- _What is being asked_: Take from the listing each line that has the string "element".

- _Records to use_:

(* Under the hypotheses of the continuity-in-pretrained-model result (Assumption 1, the uniform Lipschitz condition $\|T^Y_0(x_1,y_1)-T^Y_0(x_2,y_2)\|_{\mathcal{Y}_T}\le L(\|x_1-x_2\|_{\mathcal{X}_T}+\|y_1-y_2\|_{\mathcal{Y}_S})$ for all $T^Y_0\in\mathbb{T}^Y_0$, and the bound $|\mathcal{E}^O(h_1)-\mathcal{E}^O(h_2)|\le L'\mathcal{W}_p(h_1\#Law(X_T),h_2\#Law(X_T))^p$ for all intermediate models $h_1,h_2$, for some $L'>0,p\ge1$), the transfer risk $S\mapsto\mathcal{C}(S)$ is continuous on the metric space $(\mathcal{S},d_S)$, where $d_S((\mu_1,f_1),(\mu_2,f_2))=D(\mu_1,\mu_2)+d_M(f_1,f_2)$.
   Context: Transfer learning framework. A source task $S$ consists of an input space $\mathcal{X}_S$ and output space $\mathcal{Y}_S$ (finite-dimensional normed spaces), a random pair $(X_S,Y_S)$, a set $A_S$ of admissible models $f:\mathcal{X}_S\to\mathcal{Y}_S$ and a pretrained model $f_S^*\in A_S$. A target task $T$ has analogous $\mathcal{X}_T,\mathcal{Y}_T,(X_T,Y_T),A_T$ and optimal target model $f_T^*$. Fixed sets $\mathbb{T}^X_0$ of maps $\mathcal{X}_T\to\mathcal{X}_S$ and $\mathbb{T}^Y_0$ of maps $\mathcal{X}_T\times\mathcal{Y}_S\to\mathcal{Y}_T$ are given. For $(T^X_0,T^Y_0)$ the intermediate model is $f_{ST}(x)=T^Y_0(x,f_S^*(T^X_0(x)))$; $\mathbb{P}_T=Law(f_T^*(X_T))$, $\mathbb{P}_{ST}=Law(f_{ST}(X_T))$. An output transport risk is $\mathcal{E}^O:A_T\to\mathbb{R}$ with $\mathcal{E}^O\ge0$ and $\mathcal{E}^O(f_{ST})=0$ iff $\mathbb{P}_{ST}=\mathbb{P}_T$. An input transport risk $\mathcal{E}^I$ satisfies $\mathcal{E}^I(T^X_0)\ge0$, with equality iff $T^X_0\#Law(X_T)=Law(X_S)$. The model-specific transfer risk is $\mathcal{C}(S,T\mid f_{ST})=C(\mathcal{E}^O(f_{ST}),\mathcal{E}^I(T^X_0))$, with $C:\mathbb{R}^2\to\mathbb{R}$, $C(0,0)=0$, $C\ge0$ on relevant values, non-decreasing in each argument, and $|C(a,b)-C(a',b')|\le L_C(|a-a'|+|b-b'|)$ for some $L_C>0$. The transfer risk is $\mathcal{C}(S,T)=\inf_{(T^X_0,T^Y_0)\in\mathbb{T}^X_0\times\mathbb{T}^Y_0}\mathcal{C}(S,T\mid f_{ST})$. With target and transport sets fixed, a source task is $S=(\mu,f)\in\mathcal{S}\subset\mathcal{P}(\mathcal{X}_S)\times A_S$ ($\mu=Law(X_S)$, $f=f_S^*$) and $\mathcal{C}(S)=\mathcal{C}(\mu,f):=\mathcal{C}(S,T)$. Assumption 1: $D$ is a metric on $\mathcal{P}(\mathcal{X}_S)$ and $\mathcal{E}^I(T^X_0)=D(T^X_0\#Law(X_T),\mu)$. For a fixed constant $M>0$, $d_M(f_1,f_2):=\min\{M,\sup_{x\in\mathcal{X}_S}\|f_1(x)-f_2(x)\|_{\mathcal{Y}_S}\}$. $\mathcal{W}_p$ is the $p$-Wasserstein distance on probability measures on $\mathcal{Y}_T$. *)

From HB Require Import structures.
From mathcomp Require Import all_boot all_order all_algebra.
From mathcomp Require Import all_classical all_reals all_analysis.
Set Implicit Arguments.
Unset Strict Implicit.
Unset Printing Implicit Defensive.
Import Order.TTheory GRing.Theory Num.Theory.
Import numFieldNormedType.Exports.
Local Open Scope classical_set_scope.
Local Open Scope ring_scope.

Section TransferDefs.
Variable R : realType.

Definition findim (V : normedModType R) : Prop :=
  exists (n : nat) (g : V -> 'rV[R]_n), linear g /\ bijective g.

Definition borelT (V : normedModType R) := g_sigma_algebraType (@open V).

Definition measfun (V : normedModType R) := set (borelT V) -> \bar R.

Definition is_prob (V : normedModType R) (m : measfun V) : Prop :=
  m set0 = 0%E /\ (forall A, measurable A -> (0 <= m A)%E) /\
  semi_sigma_additive m /\ m setT = 1%E.

Definition push (V W : normedModType R) (P : measfun V) (h : V -> W) : measfun W :=
  @pushforward _ _ (borelT V) (borelT W) R P h.

Definition couplings (Y : normedModType R) (nu1 nu2 : measfun Y) :
  set (probability (borelT Y * borelT Y)%type R) :=
  [set pi | forall A : set (borelT Y), measurable A ->
     pi (A `*` setT) = nu1 A /\ pi (setT `*` A) = nu2 A].

Definition Wasserstein (Y : normedModType R) (p : R) (nu1 nu2 : measfun Y) : \bar R :=
  poweR (ereal_inf [set (\int[pi]_z (powR `|(z.1 : Y) - (z.2 : Y)| p)%:E)%E
                   | pi in couplings nu1 nu2]) p^-1.

Definition dM (XS YS : normedModType R) (M : R) (f1 f2 : XS -> YS) : R :=
  fine (Order.min M%:E (ereal_sup (range (fun x => (`|f1 x - f2 x|)%:E)))).

Definition fST (XT XS YS YT : normedModType R) (f : XS -> YS) (TX : XT -> XS)
  (TY : XT * YS -> YT) : XT -> YT := fun x => TY (x, f (TX x)).

Definition transfer_risk (XT XS YS YT : normedModType R)
  (C : R -> R -> R) (EO : (XT -> YT) -> R) (D : measfun XS -> measfun XS -> R)
  (PXT : measfun XT) (TXs : set (XT -> XS)) (TYs : set (XT * YS -> YT))
  (s : measfun XS * (XS -> YS)) : R :=
  inf [set r | exists2 TX, TXs TX & exists2 TY, TYs TY &
               r = C (EO (fST s.2 TX TY)) (D (push PXT TX) s.1)].

End TransferDefs.

From HB Require Import structures.
From mathcomp Require Import all_boot all_order all_algebra.
From mathcomp Require Import all_classical all_reals all_analysis.
From mathcomp Require Import lra.
Import Order.TTheory GRing.Theory Num.Theory.
Import numFieldNormedType.Exports.
Local Open Scope classical_set_scope.
Local Open Scope ring_scope.

(* The proof gives a local Lipschitz estimate.  Fix the transport maps
   (TX, TY).  If sup_x |f x - f' x| <= r, the uniform Lipschitz condition on
   TY shows that the two intermediate models fST f and fST f' are uniformly
   (|L| r)-close; coupling their laws through the joint map
   x |-> (fST f x, fST f' x) bounds W_p^p of the laws by (|L| r)^p, hence the
   E^O-terms differ by at most L' (|L| r)^p.  The D-terms differ by at most
   D(mu, mu') (reverse triangle inequality), so by the Lipschitz property of C
   the two risks differ by LC (L' (|L| r)^p + D(mu, mu')), uniformly in
   (TX, TY).  Uniformly close families have close infima, which transfers
   the bound to C(S) - C(S').  When d_M(f, f') < M it is the actual uniform
   distance, and once |L| d_M <= 1 the power can be dropped (p >= 1); this
   yields |C(S) - C(S')| <= k d_S(S, S') near S, whence continuity. *)

Section GeneralFacts.
Context {R : realType}.

Lemma push_is_prob (V W : normedModType R) (P : probability (borelT V) R)
    (h : V -> W) : measurable_fun setT (h : borelT V -> borelT W) ->
  is_prob (push P h).
Proof.
move=> mh.
pose hm : {mfun borelT V >-> borelT W} :=
  HB.pack (h : borelT V -> borelT W) (isMeasurableFun.Build _ _ _ _ _ mh).
have -> : push P h = distribution P hm by [].
split; first exact: measure0.
split; first by move=> A _; exact: measure_ge0.
split; [exact: measure_semi_sigma_additive | exact: probability_setT].
Qed.

Import HBNNSimple.

(* No measurability of g is required: the integral
   is the supremum of integrals of simple functions below g. *)
Lemma integral_distribution_le (d1 d2 : measure_display) (X : measurableType d1)
    (Y : measurableType d2) (P : probability X R) (phi : {mfun X >-> Y})
    (g : Y -> \bar R) (c : R) :
  (forall y, 0 <= g y)%E -> (forall x, g (phi x) <= c%:E)%E ->
  (\int[distribution P phi]_y g y <= c%:E)%E.
Proof.
move=> g_ge0 g_le; rewrite ge0_integralTE //.
apply: ge_ereal_sup => _ [h h_le <-]; rewrite -integralT_nnsfun.
rewrite ge0_integral_pushforward //; last 2 first.
- exact/measurable_realfun.measurable_EFinP/measurable_funP.
- by move=> y _; rewrite lee_fin.
rewrite preimage_setT; apply: (@le_trans _ _ (\int[P]_x (cst c%:E) x)%E).
  apply: ge0_le_integral => //.
  - by move=> x _; rewrite /= lee_fin.
  - exact/measurable_realfun.measurable_EFinP/measurableT_comp.
  - by move=> x _; exact: le_trans (h_le _) (g_le _).
rewrite integral_cst //.
by rewrite [X in (_ * X <= _)%E](_ : _ = 1%E) ?mule1 //; exact: probability_setT.
Qed.

(* Laws of uniformly c-close measurable maps are at W_p-distance at most c
   (stated for W_p^p): the joint map x |-> (h1 x, h2 x) yields a coupling. *)
Lemma Wasserstein_pow_le {X Y : normedModType R} (P : probability (borelT X) R)
    {h1 h2 : X -> Y} {p c : R} :
  measurable_fun setT (h1 : borelT X -> borelT Y) ->
  measurable_fun setT (h2 : borelT X -> borelT Y) ->
  0 < p -> 0 <= c -> (forall x, `|h1 x - h2 x| <= c) ->
  (poweR (Wasserstein p (push P h1) (push P h2)) p <= (c `^ p)%:E)%E.
Proof.
move=> m1 m2 p_gt0 c_ge0 h12.
pose joint : {mfun borelT X >-> (borelT Y * borelT Y)%type} :=
  HB.pack (fun x => (h1 x, h2 x) : (borelT Y * borelT Y)%type)
    (isMeasurableFun.Build _ _ _ _ _ (measurable_fun_pair m1 m2)).
pose pi : probability _ R := distribution P joint.
have pi_coupling : couplings (push P h1) (push P h2) pi.
  move=> A _; split; congr (P _); apply/funext => x; apply/propext;
  by rewrite /preimage /setX /=; split => [[]|].
rewrite /Wasserstein; set costs := (X in ereal_inf X).
have inf_le : (ereal_inf costs <= (c `^ p)%:E)%E.
  apply: le_trans (ereal_inf_lbound _) _; first by exists pi.
  apply: integral_distribution_le => [z|x]; first by rewrite lee_fin powR_ge0.
  rewrite lee_fin; apply: (ge0_ler_powR (ltW p_gt0)) => //.
  - by rewrite nnegrE.
  - exact: h12.
have inf_ge0 : (0 <= ereal_inf costs)%E.
  apply: le_ereal_inf_tmp => _ [q _ <-].
  by apply: integral_ge0 => z _; rewrite lee_fin powR_ge0.
by rewrite -poweRrM mulVf ?gt_eqF // poweRe1.
Qed.

(* Two doubly indexed families of nonnegative reals that are uniformly
   K-close have K-close infima (inf of the empty set is 0 on both sides). *)
Lemma inf_dist_le (I J : Type) (P : I -> Prop) (Q : J -> Prop)
    (a b : I -> J -> R) (K : R) : 0 <= K ->
  (forall i j, P i -> Q j -> 0 <= a i j) ->
  (forall i j, P i -> Q j -> 0 <= b i j) ->
  (forall i j, P i -> Q j -> `|a i j - b i j| <= K) ->
  `|inf [set r | exists2 i, P i & exists2 j, Q j & r = a i j] -
    inf [set r | exists2 i, P i & exists2 j, Q j & r = b i j]| <= K.
Proof.
move=> K_ge0 a_ge0 b_ge0 ab_le.
set A := [set r | _]; set B := [set r | _].
have [[i Pi [j Qj]]|empty] := pselect (exists2 i, P i & exists j, Q j); last first.
  have no_index u : [set r | exists2 i, P i & exists2 j, Q j & r = u i j] = set0.
    apply/seteqP; split => // r [i Pi [j Qj _]].
    by apply: empty; exists i => //; exists j.
  by rewrite /A /B !no_index subrr normr0.
have lbA : has_lbound A by exists 0 => _ [i' Pi' [j' Qj' ->]]; exact: a_ge0.
have lbB : has_lbound B by exists 0 => _ [i' Pi' [j' Qj' ->]]; exact: b_ge0.
have neA : A !=set0 by exists (a i j); exists i => //; exists j.
have neB : B !=set0 by exists (b i j); exists i => //; exists j.
rewrite ler_distl; apply/andP; split.
- apply: lb_le_inf => // _ [i' Pi' [j' Qj' ->]]; rewrite lerBlDr.
  apply: (@le_trans _ _ (b i' j')); first by apply: ge_inf => //; exists i' => //; exists j'.
  by have := ab_le _ _ Pi' Qj'; rewrite ler_distl lerBlDr => /andP[].
- rewrite -lerBlDr; apply: lb_le_inf => // _ [i' Pi' [j' Qj' ->]]; rewrite lerBlDr.
  apply: (@le_trans _ _ (a i' j')); first by apply: ge_inf => //; exists i' => //; exists j'.
  by have := ab_le _ _ Pi' Qj'; rewrite ler_distl => /andP[].
Qed.

Lemma dM_ge0 {XS YS : normedModType R} {M : R} (f1 f2 : XS -> YS) :
  0 < M -> 0 <= dM M f1 f2.
Proof.
move=> M_gt0; rewrite /dM; set s := ereal_sup _.
have [Ms|sM] := leP M%:E s; first exact: ltW.
rewrite fine_ge0 //.
apply: (@le_trans _ _ (`|f1 0 - f2 0|)%:E); first by rewrite lee_fin.
by apply: ereal_sup_ubound; exists 0.
Qed.

Lemma dM_uniform_bound {XS YS : normedModType R} {M : R} {f1 f2 : XS -> YS} :
  dM M f1 f2 < M -> forall x, `|f1 x - f2 x| <= dM M f1 f2.
Proof.
rewrite /dM; set s := ereal_sup _ => + x.
have s_ub : ((`|f1 x - f2 x|)%:E <= s)%E by apply: ereal_sup_ubound; exists x.
have [Ms|sM _] := leP M%:E s; first by rewrite ltxx.
have s_fin : s \is a fin_num.
  by rewrite ge0_fin_numE ?(lt_trans sM) ?ltry // (le_trans _ s_ub) ?lee_fin.
by rewrite -lee_fin fineK.
Qed.
(* Let $n=2k$, $1<r<k$ with $\gcd(r,k)=1$, and $G(x)=\sum_{i=1}^{2^r-1}x^{(i2^{k-r}+1)(2^k-1)+1}$, a vectorial bent function $\mathbb{F}_{2^n}\to\mathbb{F}_{2^k}$. For $\lambda\in\mathbb{F}_{2^k}^*$ let $G_\lambda(x)=\mathrm{Tr}^k_1(\lambda G(x))$ and let $G_\lambda^*$ be its dual. Let $t=2^{r-1}-1$ and $d_t=(2^k-1)(t2^{k-r}+1)+1$ (so that $\gcd(d_t,2^n-1)=1$). For $\lambda\in\mathbb{F}_{2^k}^*$ let $\delta$ be the unique element of $\mathbb{F}_{2^n}$ with $\lambda=\delta^{d_t}$. Then $G_\lambda^*(x)=G_1^*(\delta^{-1}x)$. In particular, $D_aD_bG_\lambda^*=0$ for all $a,b\in\mathbb{F}_{2^k}^*$.
   Context: $\mathrm{Tr}^m_1(x)=\sum_{i=0}^{m-1}x^{2^i}$. For a bent Boolean function $f$ on $\mathbb{F}_{2^n}$ (i.e. $|W_f(a)|=2^{n/2}$ for all $a$, where $W_f(a)=\sum_x(-1)^{f(x)+\mathrm{Tr}^n_1(ax)}$), the dual $f^*$ is defined by $W_f(a)=2^{n/2}(-1)^{f^*(a)}$. $D_aD_bf(x)=f(x)+f(x+a)+f(x+b)+f(x+a+b)$. *)

From HB Require Import structures.
From mathcomp Require Import all_boot all_order all_algebra all_field.
Set Implicit Arguments. Unset Strict Implicit. Unset Printing Implicit Defensive.
Import GRing.Theory Num.Theory.
Local Open Scope ring_scope.

Definition trace (F : finFieldType) (m : nat) (x : F) : F :=
  \sum_(i < m) x ^+ (2 ^ i).

(* (-1)^e for an element e of F_2 (seen inside F): 1 if e = 0, -1 otherwise. *)
Definition sgnF (F : finFieldType) (e : F) : int := if e == 0 then 1 else -1.

Definition sgnb (b : bool) : int := if b then -1 else 1.

Definition walsh (F : finFieldType) (n : nat) (f : F -> bool) (a : F) : int :=
  \sum_(x : F) sgnb (f x) * sgnF (trace n (a * x)).

Definition bent (F : finFieldType) (n : nat) (f : F -> bool) : Prop :=
  forall a : F, `|walsh n f a| = (2 ^ (n %/ 2))%:Z.

(* Dual: W_f(a) = 2^(n/2) (-1)^(f^*(a)); i.e. f^*(a) = 1 iff W_f(a) < 0.
   (This agrees with the paper's definition whenever f is bent.) *)
Definition dual (F : finFieldType) (n : nat) (f : F -> bool) (a : F) : bool :=
  walsh n f a < 0.

Definition D2 (F : finFieldType) (f : F -> bool) (a b x : F) : bool :=
  (f x (+) f (x + a) (+) f (x + b) (+) f (x + a + b)).

Definition Gfun (F : finFieldType) (k r : nat) (x : F) : F :=
  \sum_(1 <= i < 2 ^ r) x ^+ ((i * 2 ^ (k - r) + 1) * (2 ^ k - 1) + 1).

Definition Glam (F : finFieldType) (k r : nat) (lam : F) (x : F) : bool :=
  trace k (lam * Gfun k r x) != 0.

From HB Require Import structures.
From mathcomp Require Import all_boot all_order all_algebra all_field.
From mathcomp Require Import zify ring.
Set Implicit Arguments. Unset Strict Implicit. Unset Printing Implicit Defensive.
Import GRing.Theory Num.Theory.
Local Open Scope ring_scope.

(* Two facts drive the proof.

   First, delta = lam.  Since gcd(d_t, 2^n - 1) = 1, the map x |-> x^d_t is a bijection of F,
   and lam^d_t = lam because lam^(2^k - 1) = 1.  As G(lam z) = lam G(z) for lam in F_(2^k)^*,
   the substitution x |-> lam x in the Walsh sum gives W_(G_lam)(x) = W_(G_1)(lam^-1 x).

   Second, let T(x) = x + x^(2^k) and c(x) = T(x) / T(x)^(2^(k-r)).  From
   T(x)^(2^(k-r)) G(x) = x^(2^(k-r)+1) + x^(2^k (2^(k-r)+1)) one gets, for v in F_(2^k),
   G(x + v) = G(x) + v + v^(2^(k-r)) c(x), hence
   Tr^k_1(G(x + T y)) = Tr^k_1(G(x)) + Tr^n_1(y pi(x)) with pi(x) = 1 + c(x)^(2^r).
   Averaging the Walsh sum over the translations by T(y) restricts it to the fiber
   pi(x) = T(w).  As gcd(r, k) = 1, pi(x) = pi(x') forces T(x) = T(x'), so this fiber is a
   coset x0 + F_(2^k), and W_(G_1)(w + a) = (-1)^(Tr^n_1(a x0)) W_(G_1)(w) for a in F_(2^k).
   The sign is additive in a, so D_a D_b G_1^* = 0. *)

Section Powers.

Variable R : comNzRingType.

Lemma expr_cycle (x : R) N q : x ^+ N.+1 = x -> x ^+ (q * N).+1 = x.
Proof.
move=> hx; elim: q => [|q IH]; first by rewrite expr1.
by rewrite mulSn -addSn exprD hx -exprS IH.
Qed.

Lemma expr2_idem_exp2 (e : R) j : e ^+ 2 = e -> e ^+ (2 ^ j) = e.
Proof.
move=> he; elim: j => [|j IH]; first by rewrite expr1.
by rewrite expnSr exprM IH.
Qed.

Lemma expr_exp2_fix_mul (w : R) a m : w ^+ (2 ^ a) = w -> w ^+ (2 ^ (a * m)) = w.
Proof.
move=> h; elim: m => [|m IH]; first by rewrite muln0 expr1.
by rewrite mulnS expnD exprM h IH.
Qed.

End Powers.

Lemma sqr_idP (F : fieldType) (e : F) : e ^+ 2 = e -> e = 0 \/ e = 1.
Proof.
move=> h; have : e * (e - 1) == 0 by rewrite mulrBr mulr1 -expr2 h subrr.
by rewrite mulf_eq0 subr_eq0 => /orP[] /eqP ->; [left | right].
Qed.

Lemma sgnFE (F : finFieldType) (e : F) : sgnF e = sgnb (e != 0).
Proof. by rewrite /sgnF /sgnb; case: (e == 0). Qed.

Lemma D2_lt0_sgnF (F : finFieldType) (W : F -> int) (w a b al be : F) :
  W (w + a) = sgnF al * W w -> W (w + b) = sgnF be * W w ->
  W (w + a + b) = sgnF al * sgnF be * W w ->
  D2 (fun x => W x < 0) a b w = false.
Proof.
rewrite /D2 => -> -> ->; rewrite /sgnF.
by case: (al == 0); case: (be == 0);
  rewrite ?mulN1r ?mulrNN ?mul1r ?opprK ?oppr_lt0; case: (W w < 0); case: (0 < W w).
Qed.

Section Characteristic2.

Variable F : finFieldType.
Hypothesis hchar : (2 \in [pchar F])%N.

Lemma frobD j (x y : F) : (x + y) ^+ (2 ^ j) = x ^+ (2 ^ j) + y ^+ (2 ^ j).
Proof. by apply: exprDn_pchar; rewrite (eq_pnat _ (pcharf_eq hchar)) pnatX pnat_id. Qed.

Lemma frob_sum j (I : Type) (s : seq I) (P : pred I) (f : I -> F) :
  (\sum_(i <- s | P i) f i) ^+ (2 ^ j) = \sum_(i <- s | P i) f i ^+ (2 ^ j).
Proof.
apply: (big_morph (fun x : F => x ^+ (2 ^ j))); first exact: frobD.
by rewrite expr0n expn_eq0.
Qed.

Lemma frob_inj j : injective (fun x : F => x ^+ (2 ^ j)).
Proof.
move=> x y /= h; apply/eqP; rewrite -subr_eq0.
have : (x - y) ^+ (2 ^ j) == 0 by rewrite (oppr_pchar2 hchar) frobD h (addrr_pchar2 hchar).
by rewrite expf_eq0 => /andP[].
Qed.

Lemma frob_fix_subn (w : F) a b :
  w ^+ (2 ^ (a + b)) = w -> w ^+ (2 ^ a) = w -> w ^+ (2 ^ b) = w.
Proof.
move=> hab ha; apply: (@frob_inj a) => /=.
by rewrite -exprM -expnD addnC hab ha.
Qed.

Lemma frob_fix_coprime (w : F) r k : (0 < r)%N -> coprime r k ->
  w ^+ (2 ^ r) = w -> w ^+ (2 ^ k) = w -> w ^+ 2 = w.
Proof.
move=> r_gt0 rk_coprime hr hk; have [a _] := Bezoutl k r_gt0.
rewrite (eqP rk_coprime) => /dvdnP[q hq].
have h1 : w ^+ (2 ^ (k * a + 1)) = w by rewrite addnC mulnC hq mulnC expr_exp2_fix_mul.
by have := frob_fix_subn h1 (expr_exp2_fix_mul _ hk); rewrite expn1.
Qed.

Lemma trace_add m (x y : F) : trace m (x + y) = trace m x + trace m y.
Proof. by rewrite /trace -big_split; apply: eq_bigr => i _; rewrite frobD. Qed.

Lemma trace_frob m (z : F) j : trace m (z ^+ (2 ^ j)) = trace m z ^+ (2 ^ j).
Proof. by rewrite /trace frob_sum; apply: eq_bigr => i _; rewrite exprAC. Qed.

Lemma trace_sqr_id m (z : F) : z ^+ (2 ^ m) = z -> trace m z ^+ 2 = trace m z.
Proof.
move=> hz; rewrite -[2%N]expn1 -trace_frob /trace.
under eq_bigr => i _ do rewrite -exprM -expnD add1n.
case: m hz => [|m] hz; first by rewrite !big_ord0.
rewrite big_ord_recr big_ord_recl /= hz addrC.
by congr (_ + _); apply: eq_bigr => i _.
Qed.

Lemma trace_double k (z : F) : trace k (z + z ^+ (2 ^ k)) = trace (k + k) z.
Proof.
rewrite /trace big_split_ord /= -big_split /=; apply: eq_bigr => i _.
by rewrite frobD -exprM -expnD addnC.
Qed.

Lemma trace_double_fix k (z : F) : z ^+ (2 ^ k) = z -> trace (k + k) z = 0.
Proof.
move=> hz; rewrite -trace_double hz (addrr_pchar2 hchar) /trace big1 // => i _.
by rewrite expr0n expn_eq0.
Qed.

Lemma sgnFD (a b : F) : a ^+ 2 = a -> b ^+ 2 = b -> sgnF (a + b) = sgnF a * sgnF b.
Proof.
move=> /sqr_idP[]-> /sqr_idP[]->; rewrite /sgnF ?addr0 ?add0r ?eqxx ?oner_eq0 //.
by rewrite (addrr_pchar2 hchar) eqxx.
Qed.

- _Response area_:
(* Let $n=2k$, $1<r<k$ with $\gcd(r,k)=1$, and $G(x)=\sum_{i=1}^{2^r-1}x^{(i2^{k-r}+1)(2^k-1)+1}$, a vectorial bent function $\mathbb{F}_{2^n}\to\mathbb{F}_{2^k}$. For $\lambda\in\mathbb{F}_{2^k}^*$ let $G_\lambda(x)=\mathrm{Tr}^k_1(\lambda G(x))$ and let $G_\lambda^*$ be its dual. Let $t=2^{r-1}-1$ and $d_t=(2^k-1)(t2^{k-r}+1)+1$ (so that $\gcd(d_t,2^n-1)=1$). For $\lambda\in\mathbb{F}_{2^k}^*$ let $\delta$ be the unique element of $\mathbb{F}_{2^n}$ with $\lambda=\delta^{d_t}$. Then $G_\lambda^*(x)=G_1^*(\delta^{-1}x)$. In particular, $D_aD_bG_\lambda^*=0$ for all $a,b\in\mathbb{F}_{2^k}^*$.
(* (-1)^e for an element e of F_2 (seen inside F): 1 if e = 0, -1 otherwise. *)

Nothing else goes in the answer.